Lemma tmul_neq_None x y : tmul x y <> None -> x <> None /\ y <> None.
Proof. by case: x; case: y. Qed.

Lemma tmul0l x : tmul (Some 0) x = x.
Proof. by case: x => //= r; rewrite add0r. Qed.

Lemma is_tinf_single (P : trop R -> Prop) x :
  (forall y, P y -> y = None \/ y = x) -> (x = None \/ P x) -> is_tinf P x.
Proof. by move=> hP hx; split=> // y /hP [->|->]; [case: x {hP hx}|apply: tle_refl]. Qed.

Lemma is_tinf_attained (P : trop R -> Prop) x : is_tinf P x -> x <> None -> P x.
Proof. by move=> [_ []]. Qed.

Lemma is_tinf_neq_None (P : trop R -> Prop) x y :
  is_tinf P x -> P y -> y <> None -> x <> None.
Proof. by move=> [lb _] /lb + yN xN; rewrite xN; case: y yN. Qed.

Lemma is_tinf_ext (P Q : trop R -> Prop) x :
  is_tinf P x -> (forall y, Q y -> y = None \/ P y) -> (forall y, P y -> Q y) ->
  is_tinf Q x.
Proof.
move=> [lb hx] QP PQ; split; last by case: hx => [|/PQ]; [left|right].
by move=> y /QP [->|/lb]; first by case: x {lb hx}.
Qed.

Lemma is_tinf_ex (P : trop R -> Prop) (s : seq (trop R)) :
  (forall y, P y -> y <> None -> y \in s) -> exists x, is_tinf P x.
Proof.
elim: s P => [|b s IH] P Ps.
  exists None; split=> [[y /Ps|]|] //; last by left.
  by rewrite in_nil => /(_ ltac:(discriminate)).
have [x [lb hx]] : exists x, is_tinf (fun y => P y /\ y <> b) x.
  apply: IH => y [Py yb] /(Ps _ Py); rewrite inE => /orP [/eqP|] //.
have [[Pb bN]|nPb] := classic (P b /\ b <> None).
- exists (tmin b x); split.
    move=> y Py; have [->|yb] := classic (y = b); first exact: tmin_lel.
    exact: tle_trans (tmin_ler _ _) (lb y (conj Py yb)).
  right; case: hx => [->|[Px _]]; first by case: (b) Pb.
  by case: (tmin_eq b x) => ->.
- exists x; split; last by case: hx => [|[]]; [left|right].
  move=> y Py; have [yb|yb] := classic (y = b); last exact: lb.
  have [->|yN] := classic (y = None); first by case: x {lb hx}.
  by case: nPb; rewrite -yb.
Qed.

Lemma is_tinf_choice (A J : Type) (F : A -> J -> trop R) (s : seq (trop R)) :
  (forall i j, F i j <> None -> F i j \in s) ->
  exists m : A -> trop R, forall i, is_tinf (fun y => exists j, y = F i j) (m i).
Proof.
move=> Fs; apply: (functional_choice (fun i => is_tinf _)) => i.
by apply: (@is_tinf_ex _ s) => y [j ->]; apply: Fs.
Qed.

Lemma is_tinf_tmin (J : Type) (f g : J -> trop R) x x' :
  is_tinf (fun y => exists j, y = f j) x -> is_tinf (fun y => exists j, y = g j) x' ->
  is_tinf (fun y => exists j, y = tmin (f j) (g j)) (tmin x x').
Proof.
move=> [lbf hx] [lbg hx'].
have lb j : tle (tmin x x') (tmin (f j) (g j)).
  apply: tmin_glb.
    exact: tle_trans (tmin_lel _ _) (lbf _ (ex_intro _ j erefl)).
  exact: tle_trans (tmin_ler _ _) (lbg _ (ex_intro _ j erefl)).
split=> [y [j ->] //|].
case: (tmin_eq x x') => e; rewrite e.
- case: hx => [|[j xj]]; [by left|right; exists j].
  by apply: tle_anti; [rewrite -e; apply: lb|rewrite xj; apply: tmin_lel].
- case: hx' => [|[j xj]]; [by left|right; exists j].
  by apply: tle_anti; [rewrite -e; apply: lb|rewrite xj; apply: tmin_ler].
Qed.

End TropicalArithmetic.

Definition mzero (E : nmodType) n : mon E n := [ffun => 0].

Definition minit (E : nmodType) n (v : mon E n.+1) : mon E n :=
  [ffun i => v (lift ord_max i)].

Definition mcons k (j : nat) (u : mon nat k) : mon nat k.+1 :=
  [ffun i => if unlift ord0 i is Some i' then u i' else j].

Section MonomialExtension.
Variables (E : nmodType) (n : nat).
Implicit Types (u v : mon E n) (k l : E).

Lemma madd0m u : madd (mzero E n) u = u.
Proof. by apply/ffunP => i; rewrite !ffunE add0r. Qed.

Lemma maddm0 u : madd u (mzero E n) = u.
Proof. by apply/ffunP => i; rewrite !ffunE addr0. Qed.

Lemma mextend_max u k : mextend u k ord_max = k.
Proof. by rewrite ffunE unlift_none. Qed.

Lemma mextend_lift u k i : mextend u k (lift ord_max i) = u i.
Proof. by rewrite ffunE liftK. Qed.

- - - - -

## Work item
Your reply should be one number: how many lines in the entries above contain the word "nmodType".

## Reply
3